Già negli anni Sessanta i calciatori avevano una cattiva nomea, e il padre non voleva che uscisse con lui. Così rimasero fidanzati per tre anni a distanza: per vederlo, doveva marinare la scuola. Il resto del rapporto viaggiava sulla corriera dei portalettere.
Oggi Franca Basti è una signora distinta, dai modi garbati, una donna del ceto medio di provincia che ha prosperato nel Dopoguerra. Custodisce in una cassettina tutta la corrispondenza amorosa con l’uomo che scelse come compagno, Giovanni Palpacelli, un ragazzo anconetano cresciuto a Pescara, di mestiere ala destra. Quando parla del marito, le si inumidiscono ancora gli occhi e racconta di un uomo buono, una persona a posto, cui voleva bene e con cui si è tenuta compagnia per una vita. In quelle lettere, lui raccontava il suo patimento d’amore: quanto gli pesasse starle lontano; quanto poco gli interessasse il pallone, da quando l’aveva conosciuta. Per lei avrebbe cercato un lavoro serio, perché lei sarebbe diventata la madre dei suoi figli e lui avrebbe smesso di vivere per la partita della domenica, pur di essere un buon padre di famiglia.
Quando smuove i ricordi, la signora Palpacelli lo fa con un lieve affanno: come volesse prevenire la domanda – quella domanda – che qualcuno certamente ha azzardato, rinfocolando una fitta alla bocca dello stomaco e la memoria di scene terribili. Perché il loro unico figlio maschio, Roberto, un ragazzo cresciuto nella buona borghesia di provincia, amato e coccolato, sportivo e brillante, ha deciso di entrare a gamba tesa sulla vita, trascinando nel suo vortice disperato tutte le persone che gli stavano accanto?
Giovanni non c’è più, dal dicembre del 2011. Quando era giovane, Cecio – come veniva chiamato dagli appassionati di calcio perché piccolo e compatto – era un atleta esplosivo, in fascia correva veloce e sgusciava via dalle difese avversarie.

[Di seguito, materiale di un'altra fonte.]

Lemma sinr1_at_target0_ge x : 0 <= x -> x / (r1 * r2 * mu0 * x + C) <= sinr1_at_target0 x.
Proof.
  intro Hx. destruct ratio_bounds_nonneg. pose proof offset_pos.
  pose proof (unit_sinr_pos 0 1 0 ltac:(lia) ltac:(lia) ltac:(lra)).
  pose proof (unit_sinr_pos 0 1 x ltac:(lia) ltac:(lia) Hx).
  assert (Hinv0 : 0 < / unit_sinr 0 1 0) by (apply Rinv_0_lt_compat; lra).
  assert (Hinv : / unit_sinr 0 1 x <= r1 * x + / unit_sinr 0 1 0).
  { rewrite <- (Rinv_inv (r1 * x + / unit_sinr 0 1 0)).
    apply Rinv_le_contravar; [apply Rinv_0_lt_compat; nra|].
    apply unit_sinr_ge; [lia | lia | exact Hr1 | lra]. }
  set (y := mu0 / unit_sinr 0 1 x).
  assert (0 <= y) by (apply Rle_mult_inv_pos; lra).
  assert (Hy : y <= mu0 * (r1 * x + / unit_sinr 0 1 0)) by (apply Rmult_le_compat_l; assumption).
  unfold sinr1_at_target0. fold y. unfold Rdiv at 1. apply Rmult_le_compat_l; [exact Hx|].
  eapply Rle_trans; [|apply unit_sinr_ge; [lia | lia | exact Hr2 | assumption]].
  assert (0 < / unit_sinr 1 0 0) by (apply Rinv_0_lt_compat, unit_sinr_pos; lia || lra).
  apply Rinv_le_contravar; [nra|]. unfold C, Rdiv. nra.
Qed.

(* The search interval ends at [M], where the bound [sinr1_at_target0_ge] exceeds [mu1]. *)
Lemma exists_power_for_targets : exists x, 0 <= x /\ sinr1_at_target0 x = mu1.
Proof.
  destruct ratio_bounds_nonneg. pose proof offset_pos.
  set (M := (mu1 * C + 1) / (1 - mu0 * mu1 * (r1 * r2))).
  assert (HM : 0 < M) by (apply Rdiv_lt_0_compat; nra).
  apply (continuous_attains _ M); [lra | | | lra |].
  - intros x Hx. apply sinr1_at_target0_continuous; lra.
  - unfold sinr1_at_target0; ring.
  - assert (0 <= r1 * r2 * mu0) by (apply Rmult_le_pos; nra).
    assert (HD : 0 < r1 * r2 * mu0 * M + C) by nra.
    assert (Htarget : mu1 * (r1 * r2 * mu0 * M + C) < M).
    { assert (M * (1 - mu0 * mu1 * (r1 * r2)) = mu1 * C + 1) by (unfold M; field; lra). nra. }
    eapply Rlt_le_trans; [|apply sinr1_at_target0_ge; lra].
    apply Rmult_lt_reg_r with (r1 * r2 * mu0 * M + C); [exact HD|].
    field_simplify; lra.
Qed.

Al figlio ha donato, in un corpo dalle misure più moderne, le stesse qualità genetiche. Le cronache calcistiche dei tempi, sul Corriere Adriatico, lo raccontano come uno da serie maggiori, che avrebbe meritato una carriera più saporita.
Classe 1932, giocava nel Cosenza e il suo gol più famoso fu quello della vittoria contro i rivali di sempre della Reggina, il 26 aprile del 1959. Una partita che finì male, a botte e tafferugli, con gli scontri fuori dal Comunale di Reggio Calabria tra bande di embrionali ultras, una fitta sassaiola, le camionette della polizia che disperdevano i tifosi inferociti per quella rete decisiva. La stagione del Cosenza terminò peggio, con la promozione in serie B sfumata per pochi punti.
L’anno successivo la malasorte divenne beffa, quando il Foggia – che aveva inseguito la squadra di Palpacelli senior per tutto il campionato – piazzò il sorpasso nelle ultime giornate. Finalmente, nel 1961, l’agognato passaggio di categoria. Nel frattempo, però, Cecio – che più di tutti avrebbe meritato quel riconoscimento – dal Cosenza calcio se ne era andato, perché lui voleva solo Franca. Ma “andato” non rende l’idea: era letteralmente scappato dal ritiro.
Aveva conosciuto l’amore della sua vita qualche anno prima allo stabilimento Miramare di Pescara. Lei era ancora minorenne, una ragazzina di Città Sant’Angelo, figlia di un imprenditore che aveva costruito il proprio benessere con una fornace di laterizi. Cecio, a parte il calcio, poteva presentare a colui che avrebbe desiderato come suocero, e che di lui manco voleva sentir parlare, soltanto il pedigree di famiglia: un padre colonnello in aviazione, un’estrazione borghese, beni al sole.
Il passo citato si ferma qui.